(* Read v^d_a (1 <= d <= r-1) as the value a of coordinate d and v_1^r as an apex. A lattice
   path p_0, ..., p_T1 in [1, 4k-3]^(r-1), consecutive points differing by one in one
   coordinate, gives r-sets e_i = {apex} + {v^d_(p_i d)}, and consecutive ones span an
   (r+1)-clique e_i + e_(i+1). Let H_1 be all r-subsets of these cliques except e_1, ..., e_T1.
   If every (r+1)-set of the ground set whose r-subsets, except possibly one, all lie in
   cliques is itself a clique, then a missing e_j is infected exactly when e_(j-1) or e_(j+1)
   is present: the process restores e_1, ..., e_T1 one per step, nothing happens without e_0,
   and with e_T1 instead of e_0 it runs backwards.
   For a boustrophedon path ("snake") this closure property follows from two features of the
   path: when a step changes coordinate d, all higher coordinates are odd, and two steps that
   change coordinate d between the same two values agree on all lower coordinates. *)

(* [snake n i d] is coordinate d (for 1 <= d <= n) of the i-th point (for i.+1 < snake_len n)
   of a path in [1, 2K-1]^n. Block t of the (n+1)-dimensional path runs through the
   n-dimensional one at height 2t+1, backwards when t is odd, and then steps to height 2t+2;
   [snake_inner] and [snake_top] locate point o of block t. *)
Section Snake.
Variable K : nat.
Hypothesis K_gt0 : 0 < K.

Definition snake_len n := (K ^ n).*2.

Definition snake_inner B t o :=
  if o == B.-1 then (if odd t then 0 else B.-2)
  else if odd t then B.-2 - o else o.

Definition snake_top B t o := if o == B.-1 then t.*2.+2 else t.*2.+1.

Fixpoint snake (n i d : nat) {struct n} : nat :=
  if n is n'.+1 then
    let B := snake_len n' in
    if d == n then snake_top B (i %/ B) (i %% B)
    else snake n' (snake_inner B (i %/ B) (i %% B)) d
  else 0.

Lemma snake_len_ge2 n : 2 <= snake_len n.
Proof. by rewrite /snake_len; have := expn_gt0 K n; rewrite K_gt0 /=; lia. Qed.

Lemma snake_lenS n : snake_len n.+1 = K * snake_len n.
Proof. by rewrite /snake_len expnS; lia. Qed.

Lemma block_decomp n i : exists t o, i = t * snake_len n + o /\ o < snake_len n.
Proof.
exists (i %/ snake_len n), (i %% snake_len n); split; first exact: divn_eq.
by rewrite ltn_mod; have := snake_len_ge2 n; lia.
Qed.

Lemma snake_block n t o d : o < snake_len n ->
  snake n.+1 (t * snake_len n + o) d =
  if d == n.+1 then snake_top (snake_len n) t o else snake n (snake_inner (snake_len n) t o) d.
Proof.
move=> lt_o; have B_gt0 : 0 < snake_len n by have := snake_len_ge2 n; lia.
by rewrite /= divnMDl // modnMDl divn_small // modn_small // addn0.
Qed.

Lemma snake_inner_lt B t o : 2 <= B -> o < B -> (snake_inner B t o).+1 < B.
Proof. by rewrite /snake_inner => B_ge2 lt_oB; case: eqP; case: (odd t); lia. Qed.

Lemma snake_top_inj B t o t' o' : 2 <= B -> snake_top B t o = snake_top B t' o' ->
  t = t' /\ (o == B.-1) = (o' == B.-1).
Proof. by rewrite /snake_top => B_ge2; case: eqP; case: eqP => /=; lia. Qed.

Lemma snake_range n i d : i.+1 < snake_len n -> 0 < d <= n ->
  0 < snake n i d <= K.*2.-1.
Proof.
elim: n i d => [|n IH] i d; first by lia.
have [t [o [-> lt_o]]] := block_decomp n i; have B_ge2 := snake_len_ge2 n.
rewrite snake_block // snake_lenS => lt_i d_range.
case: eqP => [_|d_neq]; last by apply: IH; [exact: snake_inner_lt | lia].
have lt_tK : t * snake_len n < K * snake_len n by lia.
rewrite ltn_mul2r in lt_tK; rewrite /snake_top; case: eqP => o_last; last by lia.
have : t.+1 * snake_len n < K * snake_len n by lia.
by rewrite ltn_mul2r; lia.
Qed.

Lemma snake_inj n i j : i.+1 < snake_len n -> j.+1 < snake_len n ->
  (forall d, 0 < d <= n -> snake n i d = snake n j d) -> i = j.
Proof.
elim: n i j => [|n IH] i j; first by rewrite /snake_len expn0; lia.
have B_ge2 := snake_len_ge2 n.
have [t [o [-> lt_o]]] := block_decomp n i; have [t' [o' [-> lt_o']]] := block_decomp n j.
move=> lt_i lt_j same.
have := same n.+1; rewrite leqnn !snake_block // eqxx => /(_ isT) /snake_top_inj [] //.
move=> eq_t last_o; subst t'.
have : snake_inner (snake_len n) t o = snake_inner (snake_len n) t o'.
  apply: IH; try exact: snake_inner_lt.
  move=> d d_range; have d_neq : (d == n.+1) = false by lia.
  by have := same d; rewrite !snake_block // d_neq; apply; lia.
by move: last_o; rewrite /snake_inner; case: eqP; case: eqP; case: (odd t) => /=; lia.
Qed.

Lemma snake_step_layer n t o : o.+2 < snake_len n ->
  let i := t * snake_len n + o in
  [/\ snake n.+1 i n.+1 = t.*2.+1, snake n.+1 i.+1 n.+1 = t.*2.+1 &
  exists2 j, j.+2 < snake_len n &
    (forall x, x != n.+1 -> snake n.+1 i x = snake n j x /\ snake n.+1 i.+1 x = snake n j.+1 x) \/
    (forall x, x != n.+1 -> snake n.+1 i x = snake n j.+1 x /\ snake n.+1 i.+1 x = snake n j x)].
Proof.
move=> lt_o i; rewrite /i -addnS.
have lower x : x != n.+1 ->
    snake n.+1 (t * snake_len n + o) x = snake n (snake_inner (snake_len n) t o) x /\
    snake n.+1 (t * snake_len n + o.+1) x = snake n (snake_inner (snake_len n) t o.+1) x.
  by move=> /negPf x_neq; rewrite !snake_block ?x_neq //; lia.
rewrite !snake_block /snake_top /snake_inner ?eqxx; try lia.
have [o_neq o1_neq] : (o == (snake_len n).-1) = false /\ (o.+1 == (snake_len n).-1) = false.
  by lia.
rewrite o_neq o1_neq; split=> //; move: lower; rewrite /snake_inner o_neq o1_neq.
case: (odd t) => lower.
  exists ((snake_len n).-2 - o.+1); first by lia.
  by right; have -> : ((snake_len n).-2 - o.+1).+1 = (snake_len n).-2 - o by lia.
by exists o => //; left.
Qed.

···

Please retype the whole of the material above exactly.

(* Read v^d_a (1 <= d <= r-1) as the value a of coordinate d and v_1^r as an apex. A lattice
   path p_0, ..., p_T1 in [1, 4k-3]^(r-1), consecutive points differing by one in one
   coordinate, gives r-sets e_i = {apex} + {v^d_(p_i d)}, and consecutive ones span an
   (r+1)-clique e_i + e_(i+1). Let H_1 be all r-subsets of these cliques except e_1, ..., e_T1.
   If every (r+1)-set of the ground set whose r-subsets, except possibly one, all lie in
   cliques is itself a clique, then a missing e_j is infected exactly when e_(j-1) or e_(j+1)
   is present: the process restores e_1, ..., e_T1 one per step, nothing happens without e_0,
   and with e_T1 instead of e_0 it runs backwards.
   For a boustrophedon path ("snake") this closure property follows from two features of the
   path: when a step changes coordinate d, all higher coordinates are odd, and two steps that
   change coordinate d between the same two values agree on all lower coordinates. *)

(* [snake n i d] is coordinate d (for 1 <= d <= n) of the i-th point (for i.+1 < snake_len n)
   of a path in [1, 2K-1]^n. Block t of the (n+1)-dimensional path runs through the
   n-dimensional one at height 2t+1, backwards when t is odd, and then steps to height 2t+2;
   [snake_inner] and [snake_top] locate point o of block t. *)
Section Snake.
Variable K : nat.
Hypothesis K_gt0 : 0 < K.

Definition snake_len n := (K ^ n).*2.

Definition snake_inner B t o :=
  if o == B.-1 then (if odd t then 0 else B.-2)
  else if odd t then B.-2 - o else o.

Definition snake_top B t o := if o == B.-1 then t.*2.+2 else t.*2.+1.

Fixpoint snake (n i d : nat) {struct n} : nat :=
  if n is n'.+1 then
    let B := snake_len n' in
    if d == n then snake_top B (i %/ B) (i %% B)
    else snake n' (snake_inner B (i %/ B) (i %% B)) d
  else 0.

Lemma snake_len_ge2 n : 2 <= snake_len n.
Proof. by rewrite /snake_len; have := expn_gt0 K n; rewrite K_gt0 /=; lia. Qed.

Lemma snake_lenS n : snake_len n.+1 = K * snake_len n.
Proof. by rewrite /snake_len expnS; lia. Qed.

Lemma block_decomp n i : exists t o, i = t * snake_len n + o /\ o < snake_len n.
Proof.
exists (i %/ snake_len n), (i %% snake_len n); split; first exact: divn_eq.
by rewrite ltn_mod; have := snake_len_ge2 n; lia.
Qed.

Lemma snake_block n t o d : o < snake_len n ->
  snake n.+1 (t * snake_len n + o) d =
  if d == n.+1 then snake_top (snake_len n) t o else snake n (snake_inner (snake_len n) t o) d.
Proof.
move=> lt_o; have B_gt0 : 0 < snake_len n by have := snake_len_ge2 n; lia.
by rewrite /= divnMDl // modnMDl divn_small // modn_small // addn0.
Qed.

Lemma snake_inner_lt B t o : 2 <= B -> o < B -> (snake_inner B t o).+1 < B.
Proof. by rewrite /snake_inner => B_ge2 lt_oB; case: eqP; case: (odd t); lia. Qed.

Lemma snake_top_inj B t o t' o' : 2 <= B -> snake_top B t o = snake_top B t' o' ->
  t = t' /\ (o == B.-1) = (o' == B.-1).
Proof. by rewrite /snake_top => B_ge2; case: eqP; case: eqP => /=; lia. Qed.

Lemma snake_range n i d : i.+1 < snake_len n -> 0 < d <= n ->
  0 < snake n i d <= K.*2.-1.
Proof.
elim: n i d => [|n IH] i d; first by lia.
have [t [o [-> lt_o]]] := block_decomp n i; have B_ge2 := snake_len_ge2 n.
rewrite snake_block // snake_lenS => lt_i d_range.
case: eqP => [_|d_neq]; last by apply: IH; [exact: snake_inner_lt | lia].
have lt_tK : t * snake_len n < K * snake_len n by lia.
rewrite ltn_mul2r in lt_tK; rewrite /snake_top; case: eqP => o_last; last by lia.
have : t.+1 * snake_len n < K * snake_len n by lia.
by rewrite ltn_mul2r; lia.
Qed.

Lemma snake_inj n i j : i.+1 < snake_len n -> j.+1 < snake_len n ->
  (forall d, 0 < d <= n -> snake n i d = snake n j d) -> i = j.
Proof.
elim: n i j => [|n IH] i j; first by rewrite /snake_len expn0; lia.
have B_ge2 := snake_len_ge2 n.
have [t [o [-> lt_o]]] := block_decomp n i; have [t' [o' [-> lt_o']]] := block_decomp n j.
move=> lt_i lt_j same.
have := same n.+1; rewrite leqnn !snake_block // eqxx => /(_ isT) /snake_top_inj [] //.
move=> eq_t last_o; subst t'.
have : snake_inner (snake_len n) t o = snake_inner (snake_len n) t o'.
  apply: IH; try exact: snake_inner_lt.
  move=> d d_range; have d_neq : (d == n.+1) = false by lia.
  by have := same d; rewrite !snake_block // d_neq; apply; lia.
by move: last_o; rewrite /snake_inner; case: eqP; case: eqP; case: (odd t) => /=; lia.
Qed.

Lemma snake_step_layer n t o : o.+2 < snake_len n ->
  let i := t * snake_len n + o in
  [/\ snake n.+1 i n.+1 = t.*2.+1, snake n.+1 i.+1 n.+1 = t.*2.+1 &
  exists2 j, j.+2 < snake_len n &
    (forall x, x != n.+1 -> snake n.+1 i x = snake n j x /\ snake n.+1 i.+1 x = snake n j.+1 x) \/
    (forall x, x != n.+1 -> snake n.+1 i x = snake n j.+1 x /\ snake n.+1 i.+1 x = snake n j x)].
Proof.
move=> lt_o i; rewrite /i -addnS.
have lower x : x != n.+1 ->
    snake n.+1 (t * snake_len n + o) x = snake n (snake_inner (snake_len n) t o) x /\
    snake n.+1 (t * snake_len n + o.+1) x = snake n (snake_inner (snake_len n) t o.+1) x.
  by move=> /negPf x_neq; rewrite !snake_block ?x_neq //; lia.
rewrite !snake_block /snake_top /snake_inner ?eqxx; try lia.
have [o_neq o1_neq] : (o == (snake_len n).-1) = false /\ (o.+1 == (snake_len n).-1) = false.
  by lia.
rewrite o_neq o1_neq; split=> //; move: lower; rewrite /snake_inner o_neq o1_neq.
case: (odd t) => lower.
  exists ((snake_len n).-2 - o.+1); first by lia.
  by right; have -> : ((snake_len n).-2 - o.+1).+1 = (snake_len n).-2 - o by lia.
by exists o => //; left.
Qed.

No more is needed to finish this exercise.